Caddenin bitiminde köşede tarihi Mesih Mehmet Paşa Çeşmesini görüyoruz. Çeşme yol seviyesinin altında kalmış lakin o bölümü etrafı çevrelenerek korunmuş. Çeşmenin Eski Ali Paşa Caddesi yönüne bakan kısmı mermerle kaplı, birbirinin simetriği iki çeşme bulunuyor. Her bir çeşmenin üzerinde 2 satır 2 sütun düzenlenmiş kitabesi yer alıyor. Her iki çeşmenin üzerinde ise tek satır 6 sütundan oluşan bir diğer kitabe yer alıyor. Çeşmenin her iki caddeye bakan yüzü bulunuyor. Bir yüzü Eski Ali Paşa Caddesine diğer yüzü bu caddeyi kesen ve Fevzipaşa Caddesine kadar uzan Mütercim Asım Caddesine bakıyor. Mütercim asım Caddesine bakan yüz kesme taştan yapılma ve tek musluklu. Herhangi bir kitabesi bulunmuyor. Yine yol seviyesinin altında, ancak etrafı korkulukla çevrelenmiş durumda. Musluğu bulunmuyor. Gerçi olsa da su alınabilecek gibi değil, bayağı altta kalıyor. Çeşmenin köşesinde çeşme ile ilgili bilgilendirme panosu -yıpranmış halde- bulunuyor: “Bu çeşme Hicri 994 / M.1586 yılında Sultan III. Murad’ın Sadrazamlığını da yapan Mesih Paşa kardeşi tarafından yaptırılmıştır. 1233 (1817) yılında III. Mustafa’nın kızı III. Selim’in kız kardeşi Beyhan Sultan tarafından onarım görmüştür. Çeşmenin kitabesinde …..1233” Bu metne göre 994 tarihinde yaptırılmış, 1233 senesinde onarım görmüş. İkiz olan tarafı yeniden dönemin mimarisine uygun olarak yapılmıştır. (Not: Bu çeşme 2011 yılında İBB ve İstanbul Ticaret Odası işbirliği ile restore edilmiştir.) Çeşmenin yanında bulunan sokaktan Mevkufatçı Sokağında ilerlemeye devam ediyoruz.

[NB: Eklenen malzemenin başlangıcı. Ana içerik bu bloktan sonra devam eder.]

Lemma vdist_self p x : vdist p x x = 0.
Proof. unfold vdist. rewrite vnorm_n2, <- sqrt_0. f_equal. apply rsum_eq0; intros; ring. Qed.

Lemma vnorm_triang p u v : vnorm p (fun k => u k + v k) <= vnorm p u + vnorm p v.
Proof.
  rewrite !vnorm_n2. pose proof (sqrt_pos (n2 p u)). pose proof (sqrt_pos (n2 p v)).
  rewrite <- (sqrt_square (sqrt (n2 p u) + sqrt (n2 p v))) by lra. apply sqrt_le_1_alt.
  replace (n2 p (fun k => u k + v k)) with (n2 p (fun k => 1 * u k + 1 * v k))
    by (apply rsum_ext; intros; ring).
  rewrite n2_lin.
  assert (Hcs : dot p u v <= sqrt (n2 p u) * sqrt (n2 p v)).
  { apply Rle_trans with (Rabs (dot p u v)); [apply Rle_abs|]. apply sqr_le_abs_le; [| nra].
    replace (sqrt (n2 p u) * sqrt (n2 p v) * (sqrt (n2 p u) * sqrt (n2 p v)))
      with (sqrt (n2 p u) * sqrt (n2 p u) * (sqrt (n2 p v) * sqrt (n2 p v))) by ring.
    rewrite !sqrt_sqrt by apply n2_nonneg. apply dot_Cauchy_Schwarz. }
  pose proof (sqrt_sqrt (n2 p u) (n2_nonneg p u)). pose proof (sqrt_sqrt (n2 p v) (n2_nonneg p v)). nra.
Qed.

Lemma vdist_triang p x y z : vdist p x z <= vdist p x y + vdist p y z.
Proof.
  unfold vdist.
  replace (vnorm p (fun k => x k - z k)) with (vnorm p (fun k => (x k - y k) + (y k - z k)))
    by (rewrite !vnorm_n2; f_equal; apply rsum_ext; intros; ring).
  apply vnorm_triang.
Qed.

Lemma finite_upper_bound n (P : nat -> R -> Prop) :
  (forall i, (i < n)%nat -> exists b, P i b) ->
  (forall i b b', P i b -> b <= b' -> P i b') -> exists b, forall i, (i < n)%nat -> P i b.
Proof.
  intros H Hm. induction n as [|n IH]; [exists 0; intros; lia|].
  destruct IH as [b1 Hb1]; [intros; apply H; lia|].
  destruct (H n ltac:(lia)) as [b2 Hb2]. exists (Rmax b1 b2). intros i Hi.
  destruct (Nat.eq_dec i n) as [->|]; [eapply Hm; eauto; apply Rmax_r|].
  eapply Hm; [apply Hb1; lia | apply Rmax_l].
Qed.

Lemma finite_lower_bound n (P : nat -> R -> Prop) :
  (forall i, (i < n)%nat -> exists b, 0 < b /\ P i b) ->
  (forall i b b', P i b -> 0 < b' <= b -> P i b') -> exists b, 0 < b /\ forall i, (i < n)%nat -> P i b.
Proof.
  intros H Hm. induction n as [|n IH]; [exists 1; split; [lra | intros; lia]|].
  destruct IH as [b1 [Hb1 Hb1']]; [intros; apply H; lia|].
  destruct (H n ltac:(lia)) as [b2 [Hb2 Hb2']]. exists (Rmin b1 b2).
  assert (0 < Rmin b1 b2) by (apply Rmin_pos; auto). split; auto. intros i Hi.
  destruct (Nat.eq_dec i n) as [->|]; [eapply Hm; eauto; split; [auto | apply Rmin_r]|].
  eapply Hm; [apply Hb1'; lia | split; [auto | apply Rmin_l]].
Qed.

Lemma fold_right_Rmax_ge {X} (b : X -> R) l i :
  In i l -> b i <= fold_right (fun j acc => Rmax (b j) acc) 0 l.
Proof.
  induction l as [|j l IH]; simpl; intros H; [contradiction|].
  destruct H as [->|H]; [apply Rmax_l | eapply Rle_trans; [apply IH, H | apply Rmax_r]].
Qed.

Lemma A_cont_entry_continuous d p T Th A th i j : A_cont d p T Th A -> Th th ->
  (i < d)%nat -> (j < d)%nat -> continuous_within 0 T (fun s => A th s i j).
Proof.
  intros HA Hth Hi Hj t Ht eps He. destruct (HA i j Hi Hj t th Ht Hth eps He) as [delta [Hd Hs]].
  exists delta; split; auto. intros s Hs1 Hs2. apply Hs; auto. rewrite vdist_self; auto.
Qed.

Lemma A_entries_bounded_at d p T Th A th0 : 0 < T -> A_cont d p T Th A -> Th th0 ->
  exists b, forall i, (i < d)%nat -> forall j, (j < d)%nat -> forall t, 0 <= t <= T ->
    Rabs (A th0 t i j) <= b.
Proof.
  intros HT HA Hth0.
  apply (finite_upper_bound d (fun i b => forall j, (j < d)%nat -> forall t, 0 <= t <= T ->
                                            Rabs (A th0 t i j) <= b));
    [| intros; eapply Rle_trans; eauto]. intros i Hi.
  apply (finite_upper_bound d (fun j b => forall t, 0 <= t <= T -> Rabs (A th0 t i j) <= b));
    [| intros; eapply Rle_trans; eauto]. intros j Hj.
  assert (Hc : forall c, continuity_pt (fun s => Rabs (A th0 (clamp 0 T s) i j)) c).
  { intros c. apply (continuity_pt_comp (fun s => A th0 (clamp 0 T s) i j) Rabs); [| apply Rcontinuity_abs].
    apply (continuity_pt_clamp_comp 0 T (fun s => A th0 s i j)); [lra|].
    apply (A_cont_entry_continuous d p T Th A); auto. }
  destruct (continuity_ab_maj _ 0 T ltac:(lra) (fun c _ => Hc c)) as [tmax [Hmax _]].
  eexists. intros t Ht. specialize (Hmax t Ht). rewrite clamp_id in Hmax by auto. exact Hmax.
Qed.

Lemma A_cont_local_delta d p T Th A th0 t : A_cont d p T Th A -> Th th0 -> 0 <= t <= T ->
  exists delta, 0 < delta /\ forall th, Th th -> vdist p th0 th < delta ->
    forall s, 0 <= s <= T -> Rabs (s - t) < delta ->
    forall i j, (i < d)%nat -> (j < d)%nat -> Rabs (A th s i j - A th0 t i j) < 1.
Proof.
  intros HA Hth0 Ht.
  assert (Hex : exists delta, 0 < delta /\ forall i, (i < d)%nat -> forall j, (j < d)%nat ->
      forall th, Th th -> vdist p th0 th < delta ->
      forall s, 0 <= s <= T -> Rabs (s - t) < delta -> Rabs (A th s i j - A th0 t i j) < 1).
  { apply (finite_lower_bound d (fun i delta => forall j, (j < d)%nat -> forall th, Th th ->
      vdist p th0 th < delta -> forall s, 0 <= s <= T -> Rabs (s - t) < delta ->
      Rabs (A th s i j - A th0 t i j) < 1)); [intros i Hi | intros; apply H; auto; lra].
    apply (finite_lower_bound d (fun j delta => forall th, Th th -> vdist p th0 th < delta ->
        forall s, 0 <= s <= T -> Rabs (s - t) < delta -> Rabs (A th s i j - A th0 t i j) < 1));
      [intros j Hj | intros; apply H; auto; lra].
    destruct (HA i j Hi Hj t th0 Ht Hth0 1 Rlt_0_1) as [delta [Hd Hs]].
    exists delta. split; [auto | intros; apply Hs; auto]. }
  destruct Hex as [delta [Hd Hdelta]].
  exists delta. split; auto.
Qed.

(* The time interval is compact, so the local radii of [A_cont_local_delta] have a positive
   lower bound along it. *)
Lemma A_locally_bounded d p T Th A th0 : 0 < T -> A_cont d p T Th A -> Th th0 ->
  exists r b, 0 < r /\ forall th, Th th -> vdist p th0 th < r -> forall t, 0 <= t <= T ->
    forall i j, (i < d)%nat -> (j < d)%nat -> Rabs (A th t i j) <= b.
Proof.
  intros HT HA Hth0. destruct (A_entries_bounded_at d p T Th A th0 HT HA Hth0) as [b0 Hb0].
  assert (Hdl : forall t, exists delta : posreal, 0 <= t <= T -> forall th, Th th -> vdist p th0 th < delta ->
      forall s, 0 <= s <= T -> Rabs (s - t) < delta -> forall i j, (i < d)%nat -> (j < d)%nat ->
      Rabs (A th s i j - A th0 t i j) < 1).
  { intros t. destruct (Rle_dec 0 t); [destruct (Rle_dec t T)|].
    2, 3: exists (mkposreal 1 Rlt_0_1); intros; lra.
    destruct (A_cont_local_delta d p T Th A th0 t HA Hth0 ltac:(lra)) as [delta [Hd Hs]].
    exists (mkposreal delta Hd). auto. }
  destruct (compactness_value_1d 0 T (fun t => proj1_sig (constructive_indefinite_description _ (Hdl t))))
    as [r Hr].
  exists r, (b0 + 1). split; [apply cond_pos|].
  intros th Hth Hv s Hs i j Hi Hj. apply NNPP. intros Hn.
  apply (Hr s Hs). intros [t [Ht [Hst Hrt]]]. apply Hn.
  destruct (constructive_indefinite_description _ (Hdl t)) as [delta Hdelta]. simpl in *.
  pose proof (Hdelta Ht th Hth ltac:(lra) s Hs Hst i j Hi Hj).
  pose proof (Hb0 i Hi j Hj t Ht). pose proof (Rabs_triang_inv (A th s i j) (A th0 t i j)). lra.
Qed.

Lemma A_uniformly_bounded d p T Th A : 0 < T -> compact_p p Th -> A_cont d p T Th A ->
  exists a, forall th, Th th -> forall t, 0 <= t <= T -> frob d d (A th t) <= a.
Proof.
  intros HT HC HA.
  assert (Hrb : forall th0, exists rb : R * R, Th th0 -> 0 < fst rb /\
      forall th, Th th -> vdist p th0 th < fst rb -> forall t, 0 <= t <= T ->
      forall i j, (i < d)%nat -> (j < d)%nat -> Rabs (A th t i j) <= snd rb).
  { intros th0. destruct (classic (Th th0)) as [Hth|Hth]; [|exists (1, 0); intros; contradiction].
    destruct (A_locally_bounded d p T Th A th0 HT HA Hth) as [r [b [Hr Hb]]]. exists (r, b). auto. }
  set (rb := fun th0 => proj1_sig (constructive_indefinite_description _ (Hrb th0))).
  assert (Hrb' : forall th0, Th th0 -> 0 < fst (rb th0) /\
      forall th, Th th -> vdist p th0 th < fst (rb th0) -> forall t, 0 <= t <= T ->
      forall i j, (i < d)%nat -> (j < d)%nat -> Rabs (A th t i j) <= snd (rb th0)).
  { intros th0. unfold rb. destruct (constructive_indefinite_description _ (Hrb th0)). auto. }
  destruct (HC vec (fun th0 x => Th th0 /\ vdist p th0 x < fst (rb th0))) as [l Hl].
  - intros th0 x [Hth0 Hx]. exists (fst (rb th0) - vdist p th0 x). split; [lra|].
    intros y Hy. split; auto. pose proof (vdist_triang p th0 x y). lra.
  - intros x Hx. exists x. split; auto. rewrite vdist_self. apply Hrb'; auto.
  - set (b := fold_right (fun j acc => Rmax (snd (rb j)) acc) 0 l).
    exists (sqrt (rsum d (fun _ => rsum d (fun _ => b * b)))).
    intros th Hth t Ht. destruct (Hl th Hth) as [th0 [Hin [Hth0 Hv]]].
    destruct (Hrb' th0 Hth0) as [_ Hbd].
    apply sqrt_le_1_alt. apply rsum_le; intros i Hi. apply rsum_le; intros j Hj.
    pose proof (Hbd th Hth Hv t Ht i j Hi Hj).
    pose proof (fold_right_Rmax_ge (fun j => snd (rb j)) l th0 Hin) as Hmax.
    cbv beta in Hmax. fold b in Hmax.
    pose proof (Rabs_pos (A th t i j)). rewrite <- pow2_abs. simpl. rewrite Rmult_1_r.
    apply Rmult_le_compat; lra.
Qed.

Lemma A_cont_sub_sq_continuous d p T Th A th th' : 0 < T -> A_cont d p T Th A -> Th th -> Th th' ->
  continuous_within 0 T (fun s => frob d d (msub (A th s) (A th' s)) ^ 2).
Proof.
  intros HT HA Hth Hth'. apply continuous_within_of_clamp; intros c.
  apply (continuity_pt_ext (fun s => fsq d (msub (A th (clamp 0 T s)) (A th' (clamp 0 T s)))));
    [intros; rewrite <- frob_sqr; ring|].
  apply (continuity_pt_fsq d (fun s => msub (A th (clamp 0 T s)) (A th' (clamp 0 T s)))); intros i j Hi Hj.
  apply (continuity_pt_minus (fun s => A th (clamp 0 T s) i j) (fun s => A th' (clamp 0 T s) i j));
    apply (continuity_pt_clamp_comp 0 T (fun s => A _ s i j)); try lra;
    apply (A_cont_entry_continuous d p T Th A); auto.
Qed.

Lemma riccati_sol_sub_frob_le d d' T lam C Q A1 A2 E1 E2 a B L v :
  0 < T -> 0 < lam ->
  riccati_sol d d' T lam C Q A1 E1 -> riccati_sol d d' T lam C Q A2 E2 ->
  (forall t, 0 <= t <= T -> frob d d (A1 t) <= a /\ frob d d (A2 t) <= a /\
                            frob d d (E1 t) <= B /\ frob d d (E2 t) <= B) ->
  continuous_within 0 T (fun s => frob d d (msub (A1 s) (A2 s)) ^ 2) ->
  0 <= L -> 0 <= v ->
  (exists pr : Riemann_integrable (fun t => frob d d (msub (A1 t) (A2 t)) ^ 2) 0 T,
      sqrt (RiemannInt pr) <= L * v) ->
  forall t, 0 <= t <= T ->
  frob d d (msub (E1 t) (E2 t)) <= 2 * (L + 1) * exp ((4 * a + 1) * T / 2) * B * exp (2 * T * B / lam) * v.
Proof.
  intros HT Hl S1 S2 Hbd HdA HL Hv [pr Hpr] t Ht.
  pose proof (riccati_sol_sub_le d d' T lam C Q A1 A2 E1 E2 a B HT Hl S1 S2 Hbd HdA t Ht) as Hu.
  rewrite (RInt_Reals _ _ _ pr) in Hu. set (I := RiemannInt pr) in *.
  destruct (Hbd 0 ltac:(lra)) as [_ [_ [HB _]]]. pose proof (frob_nonneg d (E1 0)).
  assert (HI : I <= (L * v) * (L * v)).
  { destruct (Rlt_or_le I 0); [nra|].
    rewrite <- (sqrt_sqrt I) by auto. pose proof (sqrt_pos I). apply Rmult_le_compat; auto. }
  assert (Hk : exp ((4 * a + 1 + 4 * B / lam) * T) =
                (exp ((4 * a + 1) * T / 2) * exp (2 * T * B / lam)) *
                (exp ((4 * a + 1) * T / 2) * exp (2 * T * B / lam)))
    by (rewrite <- !exp_plus; f_equal; field; lra).
  pose proof (exp_pos ((4 * a + 1) * T / 2)). pose proof (exp_pos (2 * T * B / lam)).
  set (e1 := exp ((4 * a + 1) * T / 2)) in *. set (e2 := exp (2 * T * B / lam)) in *.
  assert (He : 0 <= B * (e1 * e2)) by (apply Rmult_le_pos; [lra | apply Rmult_le_pos; lra]).
  apply Rle_trans with (2 * L * v * (B * (e1 * e2))).
  - apply frob_le_of_fsq; [| apply Rmult_le_pos; [nra | lra]].
    rewrite Hk in Hu. eapply Rle_trans; [exact Hu|].
    replace (2 * L * v * (B * (e1 * e2)) * (2 * L * v * (B * (e1 * e2))))
      with (4 * (B * (e1 * e2)) * (B * (e1 * e2)) * ((L * v) * (L * v))) by ring.
    replace (4 * B * B * I * (e1 * e2 * (e1 * e2))) with (4 * (B * (e1 * e2)) * (B * (e1 * e2)) * I) by ring.
    apply Rmult_le_compat_l; [nra | auto].
  - replace (2 * (L + 1) * e1 * B * e2 * v) with (2 * (L + 1) * v * (B * (e1 * e2))) by ring.
    apply Rmult_le_compat_r; [auto | nra].
Qed.

Lemma riccati_sup_le d d' T lam C Q (Th : vec -> Prop) A E a Ebar :
  0 < T -> 0 < lam -> sym_psd d Q ->
  (forall th, Th th -> forall t, 0 <= t <= T -> frob d d (A th t) <= a) ->
  (forall th, Th th -> riccati_sol d d' T lam C Q (A th) (E th)) ->
  is_lub (fun r => exists t th, 0 <= t <= T /\ Th th /\ r = frob d d (E th t)) Ebar ->
  Ebar <= sqrt ((fsq d Q + T * frob d d (mmul d' (trn C) C) ^ 2) * exp ((4 * a + 1) * T)).
Proof.
  intros HT Hl HQ Ha Hsol [Hub Hlub]. apply Hlub. intros r [t [th [Ht [Hth ->]]]].
  apply sqrt_le_1_alt. apply (riccati_sol_fsq_le d d' T lam C Q (A th) (E th) a Ebar); auto.
  intros s Hs. split; [apply Ha; auto | apply Hub; exists s, th; auto].
Qed.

-ÜMMÜ KENAN DERGAHI –ALTAY CAMİİ |
Sokakta hafiften yokuş yukarı ilerlerken ara ara restore edilen Mesih Mehmet Paşa Camiinin fotoğraflarını çekiyoruz. Mevkufatçı Sokağın başına kadar ilerliyoruz. Fevzipaşa Caddesine ramak kala sokak bitiyor, ancak merdivenle Fevzi Paşa Caddesine çıkabiliyorsunuz. Merdivenleri çıkmıyoruz. Sola Saadettin Efendi Sokağına giriyoruz. Fevzi Paşa Caddesine paralel yürümeye devam ediyoruz. Dar sokakta sokağın sonuna kadar ilerliyoruz. Sokağın tam karşısındaki 3 katlı konak sokağı kesiyor. Merakla devam ediyoruz. uzaktan gördüğümüz Konağın, çocukları tarafından onarılan Ken’an Rıfaiye ait olduğunu hemen bitişiğindeki binada da aynı isimli “Tasavvuf Araştırmaları Enstitüsü 2008” ibareli tabelayı görüyoruz. Kapının üzerinde madalyon şeklinde Osmanlıca kitabede -okuyabildiğimiz kadarıyla- “Tarikati Aliyye Rıfaiden Ümmü Kenan Dergahı Şerifi”. Kırtay Sokağından aşağı doğru inmeyi gözümüz kesmedi. Bizde sokağın diğer ucuna doğru Fevzi Paşa Caddesi yönüne doğru ilerledik. Kırtay Sokağın sonuna geldiğimizde sol tarafımızda alt katları dükkan olarak kullanılan Altay Camiini görüyoruz. Caminin yüzü Fevzi Paşa Caddesine dönük. Caminin önündeki Altay Sokakta ilerleyerek caminin avlu kapısından bir kaç basamak merdiveni çıkarak içeri giriyoruz. Küçücük bahçesinde medfun kabirler bulunmaktadır. Mezarlar caminin ön kısmında imişler, buraya taşınmış. Ancak gördüğüm kadarıyla bakımsız. Fatih Belediyesi tarafından yaptırılmış camiye ait tabelada: “Caminin 1670 tarihinde inşa edildiği, Banisinin Şeyhülislam Debbağzade Mehmet Efendi olduğu yazmaktadır. Cami zamanla yıkılmıştır. 1987 yılında Vakıflar İdaresince tekrar yaptırılmış ve ibadete açılmıştır. Cami kesme taştan, tek kubbeli olarak inşaa edilmiştir. Son cemaat yeri üç kubbelidir. Tek şerefeli bir minaresi vardır. Kürsüsü, minber ve mahfili ahşap, mihrabı çinidir. Banisi iki kez Şeyhülislamlık yapmıştır. Kabri Yavuz Selim Camii yakında kendi yaptırdığı Debbağzade Medresesi avlusundadır.” Camiden çıkıp Altay Caddesinin sonuna kadar ilerliyoruz.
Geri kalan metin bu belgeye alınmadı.